Consider the way Hana and Naru parallel one another.  One of the first things we learn is that Naru is a girl who is obsessed with Western fairy tales, much to the chagrin of her father who sees them as a waste of time.  She fondly remembers the first time she saw Disney’s Cinderella in the movie theatre, and secretly hopes that one day she will meet a fairy who will make her “dazzling.”  In fact the idea is so deeply ingrained in her mind that the first time she actually sees a white person, she thinks it must be a fairy, and chases after her.

The “fairy” is actually Hana, a girl from America who is obsessed with Japanese culture, and in particular traditional Yosakoi dancing.  After the two become friends, Hana’s stereotypical American shamelessness causes Naru so much embarrassment that she starts avoiding her.  Hana doesn’t understand why her beloved Japan isn’t full of people who share her zeal for what she naively considers “Japanese culture,” and she’s completely oblivious to how ridiculous she looks as a loud, obnoxious white girl who wants to start a Yosakoi club.

 
Hanayamata
Hey, Japanese people!
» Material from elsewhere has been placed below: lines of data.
(* Assume conditions (C1)–(C6). If $\zeta,\tilde\zeta\in\Theta$ satisfy $\liminf_{k\to\infty}\|\zeta_k-\tilde\zeta_k\|=0$, then the pair $\varphi_\zeta,\varphi_{\tilde\zeta}$ is proximal: for every $\epsilon>0$ and every $E\in\mathbb N$ there exists an integer $k_0$ such that $\|\varphi_\zeta(t)-\varphi_{\tilde\zeta}(t)\|<\epsilon$ for all $t\in[\theta_{2k_0-1},\theta_{2(k_0+E)}]\cap\mathbb T_0$.
   Context: Fix integers $m,n\ge1$ and $r\ge0$. Cells are indexed by pairs $(i,j)$, $1\le i\le m$, $1\le j\le n$. The $r$-neighbourhood of $(i,j)$ is $N_r(i,j)=\{(h,l):1\le h\le m,\ 1\le l\le n,\ \max(|h-i|,|l-j|)\le r\}$. Fix constants $a_{ij}>0$, $C^{hl}_{ij}\ge0$, and a continuous function $f:\mathbb R\to\mathbb R$. Vectors of $\mathbb R^{mn}$ are written $v=\{v_{ij}\}$, with norm $\|v\|=\max_{(i,j)}|v_{ij}|$. Time scale: $\{\theta_k\}_{k\in\mathbb Z}$ is strictly increasing, $\theta_{-1}<0<\theta_0$, and there exist $\omega>0$ and $p\in\mathbb N$ with $\theta_{k+2p}=\theta_k+\omega$ for all $k$. Set $\mathbb T_0=\bigcup_{k\in\mathbb Z}[\theta_{2k-1},\theta_{2k}]$, $\delta_k=\theta_{2k+1}-\theta_{2k}$, $\eta_k=\theta_{2k}-\theta_{2k-1}$ (both $p$-periodic in $k$), $\delta=\max_{1\le k\le p}\delta_k$. On $\mathbb T_0'=\mathbb T_0\setminus\{\theta_{2k-1}:k\in\mathbb Z\}$ define $\psi(t)=t-\sum_{0<\theta_{2k}<t}\delta_k$ for $t\ge0$ and $\psi(t)=t+\sum_{t\le\theta_{2k}<0}\delta_k$ for $t<0$; put $s_k=\psi(\theta_{2k})$, so $s_k-s_{k-1}=\eta_k$, and write $\psi(\omega):=\omega-\sum_{k=1}^p\delta_k=\sum_{k=1}^p\eta_k$. Inputs: $\Lambda\subset\mathbb R^{mn}$ is compact and $F:\Lambda\to\Lambda$ is continuous. $\Theta$ is the set of all sequences $\zeta=\{\zeta_k\}_{k\in\mathbb Z}$, $\zeta_k=\{\zeta^{ij}_k\}\in\Lambda$, with $\zeta_{k+1}=F(\zeta_k)$ for all $k\in\mathbb Z$. For $\zeta\in\Theta$, $L_{ij}(t,\zeta)=\zeta^{ij}_k$ for $t\in[\theta_{2k-1},\theta_{2k}]$. Network $(N_\zeta)$ on $\mathbb T_0$: $x^\Delta_{ij}(t)=-a_{ij}x_{ij}(t)-\sum_{(h,l)\in N_r(i,j)}C^{hl}_{ij}f(x_{hl}(t))x_{ij}(t)+L_{ij}(t,\zeta)$, $t\in\mathbb T_0$, where the $\Delta$-derivative at $\theta_{2k}$ is $(x(\theta_{2k+1})-x(\theta_{2k}))/\delta_k$ and elsewhere the ordinary derivative. Concretely, a solution on $\mathbb T_0$ is a function continuous and (one-sidedly at endpoints) differentiable on each $[\theta_{2k-1},\theta_{2k}]$ satisfying there $x_{ij}'=-a_{ij}x_{ij}-\sum_{(h,l)\in N_r(i,j)}C^{hl}_{ij}f(x_{hl})x_{ij}+\zeta^{ij}_k$, together with $x_{ij}(\theta_{2k+1})=(1-\delta_ka_{ij})x_{ij}(\theta_{2k})-\delta_k\sum_{(h,l)\in N_r(i,j)}C^{hl}_{ij}f(x_{hl}(\theta_{2k}))x_{ij}(\theta_{2k})+\delta_k\zeta^{ij}_k$. Impulsive system $(I_\zeta)$: for $s\in(s_{k-1},s_k)$, $y_{ij}'(s)=-a_{ij}y_{ij}(s)-\sum_{(h,l)\in N_r(i,j)}C^{hl}_{ij}f(y_{hl}(s))y_{ij}(s)+\zeta^{ij}_k$, and at $s=s_k$, $y_{ij}(s_k+)-y_{ij}(s_k)=-\delta_ka_{ij}y_{ij}(s_k)-\delta_k\sum_{(h,l)\in N_r(i,j)}C^{hl}_{ij}f(y_{hl}(s_k))y_{ij}(s_k)+\delta_k\zeta^{ij}_k$. Solutions are left-continuous, continuous except for discontinuities of the first kind at the $s_k$. Let $u_{ij}(s,\tau)=e^{-a_{ij}(s-\tau)}\prod_{\nu=l}^{k}(1-\delta_\nu a_{ij})$ if $s_{l-1}<\tau\le s_l$, $s_k<s\le s_{k+1}$, $k\ge l$, and $u_{ij}(s,\tau)=e^{-a_{ij}(s-\tau)}$ if $s_k<\tau\le s\le s_{k+1}$. Let $\lambda_{ij}=a_{ij}-\frac1{\psi(\omega)}\sum_{\nu=0}^{p-1}\ln|1-\delta_\nu a_{ij}|$, $\lambda=\min_{(i,j)}\lambda_{ij}$. Conditions: (C1) $\delta_ka_{ij}\ne1$ for all $i,j,k$; (C2) $\lambda>0$; (C3) $\sup_{s\in\mathbb R}|f(s)|\le M_f$ for some $M_f>0$; (C4) $|f(s_1)-f(s_2)|\le L_f|s_1-s_2|$ for all $s_1,s_2$, for some $L_f>0$. Under (C1),(C2) fix positive numbers $K_{ij}$ with $|u_{ij}(s,\tau)|\le K_{ij}e^{-\lambda_{ij}(s-\tau)}$ for $s\ge\tau$. Define $\bar c=\max_{(i,j)}\big(\frac{K_{ij}}{\lambda_{ij}}+\frac{p\delta K_{ij}}{1-e^{-\lambda_{ij}\psi(\omega)}}\big)\sum_{(h,l)\in N_r(i,j)}C^{hl}_{ij}$, $M_F=\max_{\eta\in\Lambda}\|F(\eta)\|$, $H_0=\frac{M_F}{1-M_f\bar c}\max_{(i,j)}\big(\frac{K_{ij}}{\lambda_{ij}}+\frac{p\delta K_{ij}}{1-e^{-\lambda_{ij}\psi(\omega)}}\big)$, $\bar d=(M_f+H_0L_f)\max_{(i,j)}K_{ij}\sum_{(h,l)\in N_r(i,j)}C^{hl}_{ij}$. (C5) $(M_f+H_0L_f)\bar c<1$. (C6) $-\lambda+\bar d+\frac{p}{\psi(\omega)}\ln(1+\delta\bar d)<0$. Under (C1)–(C5), for $\zeta\in\Theta$ the system $(I_\zeta)$ has a unique solution $\phi_\zeta$ on $\mathbb R$ with $\sup_s\|\phi_\zeta(s)\|\le H_0$; define $\varphi_\zeta:\mathbb T_0\to\mathbb R^{mn}$ by $\varphi_\zeta(t)=\phi_\zeta(\psi(t))$ for $t\in\mathbb T_0'$ and $\varphi_\zeta(\theta_{2k+1})=\phi_\zeta(s_k+)$. Then $\varphi_\zeta$ is the unique solution of $(N_\zeta)$ on $\mathbb T_0$ with $\sup_{t\in\mathbb T_0}\|\varphi_\zeta(t)\|\le H_0$. *)

From Stdlib Require Import Reals Lra Lia ZArith List.
Import ListNotations.
Open Scope R_scope.

(* Vectors of R^{mn}: functions on pairs of indices; only the cells
   (i,j) with 1<=i<=m, 1<=j<=n are relevant. *)
Definition vec := nat -> nat -> R.

Definition vsub (u v : vec) : vec := fun i j => u i j - v i j.

Definition cells (m n : nat) : list (nat * nat) :=
  flat_map (fun i => map (fun j => (i, j)) (seq 1 n)) (seq 1 m).

Definition is_cell (m n i j : nat) : Prop :=
  (1 <= i <= m)%nat /\ (1 <= j <= n)%nat.

(* ||v|| = max_{(i,j)} |v_ij| (all terms are >= 0, so starting the fold at 0
   gives the maximum) *)
Definition vnorm (m n : nat) (v : vec) : R :=
  fold_right Rmax 0 (map (fun c => Rabs (v (fst c) (snd c))) (cells m n)).

(* max / min over all cells of a real quantity g i j (cell (1,1) exists
   since m,n >= 1) *)
Definition cellmax (m n : nat) (g : nat -> nat -> R) : R :=
  fold_right Rmax (g 1%nat 1%nat) (map (fun c => g (fst c) (snd c)) (cells m n)).
Definition cellmin (m n : nat) (g : nat -> nat -> R) : R :=
  fold_right Rmin (g 1%nat 1%nat) (map (fun c => g (fst c) (snd c)) (cells m n)).

(* (h,l) in N_r(i,j) :  max(|h-i|,|l-j|) <= r  (|h-i| = (h-i)+(i-h) in nat) *)
Definition in_nbhd (r i j h l : nat) : bool :=
  Nat.leb ((h - i) + (i - h)) r && Nat.leb ((l - j) + (j - l)) r.

Definition nbsum (m n r i j : nat) (g : nat -> nat -> R) : R :=
  fold_right Rplus 0
    (map (fun c => if in_nbhd r i j (fst c) (snd c) then g (fst c) (snd c) else 0)
         (cells m n)).

(* integer-indexed finite sums / products: sum_{k=a}^{b} g k (empty if b<a) *)
Definition sumZ (g : Z -> R) (a b : Z) : R :=
  fold_right Rplus 0 (map (fun i => g (a + Z.of_nat i)%Z) (seq 0 (Z.to_nat (b - a + 1)))).
Definition prodZ (g : Z -> R) (a b : Z) : R :=
  fold_right Rmult 1 (map (fun i => g (a + Z.of_nat i)%Z) (seq 0 (Z.to_nat (b - a + 1)))).

Definition delta (theta : Z -> R) (k : Z) : R := theta (2*k+1)%Z - theta (2*k)%Z.
Definition eta (theta : Z -> R) (k : Z) : R := theta (2*k)%Z - theta (2*k-1)%Z.

Definition delta_max (theta : Z -> R) (p : nat) : R :=
  fold_right Rmax (delta theta 1%Z) (map (fun k => delta theta (Z.of_nat k)) (seq 1 p)).

Definition psi_omega (theta : Z -> R) (omega : R) (p : nat) : R :=
  omega - sumZ (delta theta) 1 (Z.of_nat p).

Definition inT0 (theta : Z -> R) (t : R) : Prop :=
  exists k : Z, theta (2*k-1)%Z <= t <= theta (2*k)%Z.

(* s_k = psi(theta_{2k}).  Since theta_{2j} > 0 iff j >= 0, the definition of
   psi gives psi(theta_{2k}) = theta_{2k} - sum_{j=0}^{k-1} delta_j for k >= 0
   and theta_{2k} + sum_{j=k}^{-1} delta_j for k < 0. *)
Definition s_seq (theta : Z -> R) (k : Z) : R :=
  if (0 <=? k)%Z then theta (2*k)%Z - sumZ (delta theta) 0 (k-1)
  else theta (2*k)%Z + sumZ (delta theta) k (-1).

Definition lambda_ij (theta : Z -> R) (omega : R) (p : nat) (aij : R) : R :=
  aij - / psi_omega theta omega p *
        sumZ (fun nu => ln (Rabs (1 - delta theta nu * aij))) 0 (Z.of_nat p - 1).

Definition lambda_min (m n : nat) (theta : Z -> R) (omega : R) (p : nat)
  (a : nat -> nat -> R) : R :=
  cellmin m n (fun i j => lambda_ij theta omega p (a i j)).

(* Bound |u_ij(s,tau)| <= K_ij e^{-lambda_ij (s - tau)} for s >= tau, where
   u_ij(s,tau) = e^{-a_ij(s-tau)} prod_{nu=l}^{k} (1 - delta_nu a_ij) when
   s_{l-1} < tau <= s_l, s_k < s <= s_{k+1}  (k >= l; the case k = l-1, i.e.
   tau and s in the same interval, is the empty product). *)
Definition u_bound (theta : Z -> R) (omega : R) (p : nat) (aij Kij : R) : Prop :=
  forall (l k : Z) (tau s : R),
    s_seq theta (l - 1) < tau <= s_seq theta l ->
    s_seq theta k < s <= s_seq theta (k + 1) ->
    tau <= s ->
    Rabs (exp (- aij * (s - tau)) * prodZ (fun nu => 1 - delta theta nu * aij) l k)
      <= Kij * exp (- lambda_ij theta omega p aij * (s - tau)).

Definition coefK (theta : Z -> R) (omega : R) (p : nat) (aij Kij : R) : R :=
  Kij / lambda_ij theta omega p aij
  + INR p * delta_max theta p * Kij
      / (1 - exp (- lambda_ij theta omega p aij * psi_omega theta omega p)).

Definition cbar (m n r : nat) (theta : Z -> R) (omega : R) (p : nat)
  (a K : nat -> nat -> R) (C : nat -> nat -> nat -> nat -> R) : R :=
  cellmax m n (fun i j => coefK theta omega p (a i j) (K i j) * nbsum m n r i j (C i j)).

Definition H0 (m n r : nat) (theta : Z -> R) (omega : R) (p : nat)
  (a K : nat -> nat -> R) (C : nat -> nat -> nat -> nat -> R) (MF Mf : R) : R :=
  MF / (1 - Mf * cbar m n r theta omega p a K C)
  * cellmax m n (fun i j => coefK theta omega p (a i j) (K i j)).

Definition dbar (m n r : nat) (theta : Z -> R) (omega : R) (p : nat)
  (a K : nat -> nat -> R) (C : nat -> nat -> nat -> nat -> R) (MF Mf Lf : R) : R :=
  (Mf + H0 m n r theta omega p a K C MF Mf * Lf)
  * cellmax m n (fun i j => K i j * nbsum m n r i j (C i j)).

Definition seq_compact (m n : nat) (Lam : vec -> Prop) : Prop :=
  forall u : nat -> vec, (forall k, Lam (u k)) ->
  exists (phi : nat -> nat) (v : vec),
    (forall k, (phi k < phi (S k))%nat) /\ Lam v /\
    forall eps, eps > 0 -> exists N : nat, forall k, (N <= k)%nat ->
      vnorm m n (vsub (u (phi k)) v) < eps.

Definition cont_on (m n : nat) (Lam : vec -> Prop) (F : vec -> vec) : Prop :=
  forall eta0, Lam eta0 -> forall eps, eps > 0 -> exists d, d > 0 /\
    forall eta1, Lam eta1 -> vnorm m n (vsub eta1 eta0) < d ->
      vnorm m n (vsub (F eta1) (F eta0)) < eps.

Definition in_Theta (Lam : vec -> Prop) (F : vec -> vec) (zeta : Z -> vec) : Prop :=
  forall k : Z, Lam (zeta k) /\ zeta (k + 1)%Z = F (zeta k).

Definition liminf_eq (a : nat -> R) (L : R) : Prop :=
  forall eps, eps > 0 ->
    (exists N : nat, forall k, (N <= k)%nat -> L - eps < a k) /\
    (forall N : nat, exists k, (N <= k)%nat /\ a k < L + eps).

Definition deriv_within (g : R -> R) (lo hi t D : R) : Prop :=
  forall eps, eps > 0 -> exists d, d > 0 /\
    forall h, h <> 0 -> Rabs h < d -> lo <= t + h <= hi ->
      Rabs ((g (t + h) - g t) / h - D) < eps.

Definition is_sol_N (m n r : nat) (a : nat -> nat -> R)
  (C : nat -> nat -> nat -> nat -> R) (f : R -> R) (theta : Z -> R)
  (zeta : Z -> vec) (x : R -> vec) : Prop :=
  forall (k : Z) (i j : nat), is_cell m n i j ->
    (forall t, theta (2*k-1)%Z <= t <= theta (2*k)%Z ->
       deriv_within (fun u => x u i j) (theta (2*k-1)%Z) (theta (2*k)%Z) t
         (- a i j * x t i j
          - nbsum m n r i j (fun h l => C i j h l * f (x t h l)) * x t i j
          + zeta k i j)) /\
    x (theta (2*k+1)%Z) i j =
      (1 - delta theta k * a i j) * x (theta (2*k)%Z) i j
      - delta theta k * nbsum m n r i j
          (fun h l => C i j h l * f (x (theta (2*k)%Z) h l)) * x (theta (2*k)%Z) i j
      + delta theta k * zeta k i j.

From Stdlib Require Import Reals Lra Lia ZArith List ClassicalEpsilon.
Open Scope R_scope.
Act more Japanese!

However, while most of the girls in the school clearly don’t want to join the Yosakoi club, even the ones who do want to find themselves unable to because of cultural barriers that stand in their way.  For the stereotypical American Hana, “I want to start a Yosakoi club” is reason enough for her to do it, regardless of what other people think.  She even tells Naru early on that she will dance Yosakoi even if she’s the only one doing it, and you can tell she really means it.  But “this is what I really want to do” isn’t reason enough for the other girls to join her, and each of them has to struggle to overcome the anxiety of breaking the mould and doing something selfish.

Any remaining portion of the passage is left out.